2.训练模式不够清晰，不够精确或太复杂，网络无法区分它们。	作为解决方案，您可以清理模式，也可以使用不同类型的网络/培训算法。此外，你不能训练网络猜测下一个中奖彩票...... :-)
3.你的训练期望太高和/或不现实。	降低你的期望。网络永远不会100％“肯定”
没有理由	检查代码！

大多数这些原因很容易解决，这是未来文章的一个很好的主题。同时，我们可以享受结果。

Enjoying the results

Now we can see what the network has learned. Following code fragment shows how to use trained neural network in your OCR application.现在我们可以看到网络学到了什么。
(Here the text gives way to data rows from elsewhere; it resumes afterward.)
(* Let $G$ be an $r$-graph on $n$ vertices and let $\varepsilon>0$. One can delete at most $\varepsilon n^r$ edges from $G$ so that the resulting $r$-graph $G'$ has the following property: for any $\mathbf x,\mathbf y\in\vec E(G')$ that are tightly connected in $G'$, there is a tight walk from $\mathbf x$ to $\mathbf y$ in $G'$ of stretch $sr$ for some integer $s\le(2r+1)\varepsilon^{-r}$.
   Context: An $r$-graph is an $r$-uniform hypergraph. An oriented edge of $G$ is an ordered $r$-tuple $x_1\cdots x_r$ whose underlying set is an edge of $G$; $\vec E(G)$ is the set of oriented edges. $\mathbf x,\mathbf y\in\vec E(G)$ are tightly connected (in $G$) if there is a sequence $\mathbf x=\mathbf z^{(0)},\dots,\mathbf z^{(t)}=\mathbf y$ of oriented edges of $G$ such that consecutive terms differ in at most one coordinate. A tight walk of stretch $\ell$ is a sequence $v_1\cdots v_{\ell+r}$ of (not necessarily distinct) vertices such that $v_{i+1}\cdots v_{i+r}\in\vec E(G)$ for each $0\le i\le\ell$; it is a walk from $v_1\cdots v_r$ to $v_{\ell+1}\cdots v_{\ell+r}$. *)

From HB Require Import structures.
From mathcomp Require Import all_boot all_order all_algebra.
Set Implicit Arguments. Unset Strict Implicit. Unset Printing Implicit Defensive.

Definition uniform (V : finType) (r : nat) (G : {set {set V}}) : Prop :=
  forall e, e \in G -> #|e| = r.

Definition oriented_edge (V : finType) (r : nat) (G : {set {set V}})
  (s : seq V) : bool := (size s == r) && ([set v in s] \in G).

Definition differ_le1 (V : finType) (r : nat) (x y : r.-tuple V) : bool :=
  #|[set i : 'I_r | tnth x i != tnth y i]| <= 1.

Definition tight_step (V : finType) (r : nat) (G : {set {set V}}) :
  rel (r.-tuple V) :=
  fun x y => [&& oriented_edge r G x, oriented_edge r G y & differ_le1 x y].

Definition tightly_connected (V : finType) (r : nat) (G : {set {set V}})
  (x y : r.-tuple V) : Prop :=
  [/\ oriented_edge r G x, oriented_edge r G y & connect (tight_step G) x y].

Definition tight_walk (V : finType) (r : nat) (G : {set {set V}}) (l : nat)
  (x y : r.-tuple V) : Prop :=
  exists w : seq V,
    [/\ size w = l + r,
        forall i, i <= l -> oriented_edge r G (take r (drop i w)),
        take r w = val x
      & drop l w = val y].

From HB Require Import structures.
From mathcomp Require Import all_boot all_order all_algebra.
From mathcomp Require Import zify.
Set Implicit Arguments. Unset Strict Implicit. Unset Printing Implicit Defensive.
Import Order.TTheory GRing.Theory Num.Theory.

(* Repeatedly delete all edges through an (r-1)-set of codegree below eps n.
   Each deletion round costs fewer than eps n edges and kills one (r-1)-set,
   so at most eps n^r edges go, and afterwards every (r-1)-subset of an edge
   has codegree at least eps n.  Replacing the coordinates of an oriented
   edge z one at a time then reaches at least (eps n)^r oriented edges within
   r tight steps of z.  Along a shortest tight path of length s, the oriented
   edges at distances 0, 2r+1, 2(2r+1), ... have pairwise disjoint such
   neighbourhoods, whence (s/(2r+1) + 1) (eps n)^r <= n^r and
   s <= (2r+1) eps^-r; concatenating the tuples along the path gives a tight
   walk of stretch s r. *)

Section ExactWalks.
Variables (T : finType) (e : rel T).

Definition reach k x y := [exists p : k.-tuple T, path e x p && (last x p == y)].

Lemma reachP k x y :
  reflect (exists p, [/\ size p = k, path e x p & last x p = y]) (reach k x y).
Proof.
apply: (iffP existsP) => [[p /andP[xp /eqP <-]] | [p [size_p xp <-]]].
  by exists (val p); rewrite size_tuple.
have size_p' : size p == k by apply/eqP.
by exists (Tuple size_p'); rewrite /= xp eqxx.
Qed.

Lemma reach0 x y : reach 0 x y = (x == y).
Proof. by apply/reachP/eqP => [[p [/size0nil -> _ <-]] | ->] //; exists [::]. Qed.

Lemma reachSr k x z : reach k.+1 x z = [exists y, reach k x y && e y z].
Proof.
apply/reachP/existsP => [[p [size_p xp <-]] | [y /andP[/reachP[p [size_p xp <-]] yz]]].
  case/lastP: p size_p xp => [//|p y]; rewrite size_rcons rcons_path last_rcons.
  by case=> size_p /andP[xp yz]; exists (last x p); rewrite yz andbT; apply/reachP; exists p.
by exists (rcons p z); rewrite size_rcons rcons_path last_rcons size_p xp yz.
Qed.

Lemma reach_cat a b x y z : reach a x y -> reach b y z -> reach (a + b) x z.
Proof.
move=> /reachP[p [<- xp <-]] /reachP[q [<- yq <-]].
by apply/reachP; exists (p ++ q); rewrite size_cat cat_path last_cat xp yq.
Qed.

Lemma reach_split t k x y : t <= k -> reach k x y ->
  exists z, reach t x z /\ reach (k - t) z y.
Proof.
move=> le_tk /reachP[p [size_p xp <-]].
move: xp; rewrite -(cat_take_drop t p) cat_path => /andP[xp1 xp2].
exists (last x (take t p)); split; apply/reachP.
  by exists (take t p); rewrite size_takel ?size_p.
by exists (drop t p); rewrite size_drop size_p -last_cat cat_take_drop.
Qed.

Lemma connect_reachP x y : reflect (exists k, reach k x y) (connect e x y).
Proof.
apply: (iffP connectP) => [[p xp ->] | [k /reachP[p [_ xp <-]]]]; last by exists p.
by exists (size p); apply/reachP; exists p.
Qed.

Hypothesis e_sym : symmetric e.

Lemma reach_rev k x y : reach k x y -> reach k y x.
Proof.
move=> /reachP[p [size_p xp <-]]; apply/reachP; exists (rev (belast x p)); split.
- by rewrite size_rev size_belast.
- by rewrite rev_path (eq_path (fun u v => e_sym v u)).
- by case: p {size_p xp} => [|z p] //=; rewrite rev_cons last_rcons.
Qed.

(* The sets [B z] at the points z at distance 0, d, 2d, ... (d = 2 rho + 1) of a
   shortest walk are pairwise disjoint: a common point would shorten the walk. *)
Lemma shortest_walk_packing (R : numDomainType) (b : R) (rho k : nat)
    (B : T -> {set T}) x y :
  reach k x y -> (forall k', reach k' x y -> k <= k') ->
  (forall t z, reach t x z -> b <= #|B z|%:R)%R ->
  (forall t z w, reach t x z -> w \in B z -> reach rho z w) ->
  ((k %/ (2 * rho + 1)).+1%:R * b <= #|T|%:R)%R.
Proof.
move=> xy k_min B_big B_near; set d := 2 * rho + 1.
have packing m : m <= (k %/ d).+1 -> exists A : {set T},
    (m%:R * b <= #|A|%:R)%R /\ {in A, forall w, exists2 t, t + rho < m * d & reach t x w}.
  elim: m => [_|m IHm lt_m].
    by exists set0; split=> [|w]; rewrite ?inE ?mul0r ?cards0.
  have [A [A_big A_near]] := IHm (ltnW lt_m).
  have le_md_k : m * d <= k.
    by rewrite (leq_trans _ (leq_divM k d)) // leq_mul2r -ltnS lt_m orbT.
  have [z [xz zy]] := reach_split le_md_k xy.
  have disj : [disjoint A & B z].
    apply/pred0P => w /=; apply/negbTE/andP => -[/A_near[t lt_t xw] /(B_near _ _ _ xz) zw].
    have := k_min _ (reach_cat (reach_cat xw (reach_rev zw)) zy); lia.
  exists (A :|: B z); split.
    move: disj; rewrite -(leq_card_setU A (B z)).2 => /eqP ->.
    by rewrite natrD mulrSr mulrDl mul1r lerD // (B_big _ _ xz).
  move=> w /setUP[/A_near[t lt_t xw] | zw]; first by exists t; rewrite // mulSn; lia.
  by exists (m * d + rho); [rewrite mulSn; lia | exact: reach_cat xz (B_near _ _ _ xz zw)].
have [A [A_big _]] := packing _ (leqnn _).
by apply: le_trans A_big _; rewrite ler_nat max_card.
Qed.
以下代码片段显示了如何在OCR应用程序中使用经过训练的神经网络。

//Get your input data
 double[] aInput = ... (your digitized image of the character)
//Load the data into the network
for (int i = 0; i< backpropNetwork.InputNodesCount;i++)
    backpropNetwork.InputNode(i).Value = aInput[i];
//Run the network
backpropNetwork.Run();
//Get result from the network and convert it to a character
return Convert.ToChar(aFirstChar + backpropNetwork.BestNodeIndex).ToString();

In order to use the network you have to load your data into input layer. Then use the Run method to let the network process your data. Finally, get your results out from output nodes of the network and analyze those (The BestNodeIndex property I created in OCRNetwork class does this job for me).要使用网络，您必须将数据加载到输入层。然后使用该Run方法让网络处理您的数据。最后，从网络的输出节点获取结果并分析（我在OCRNetwork类里创建的BestNodeIndex属性为我做这个工作）。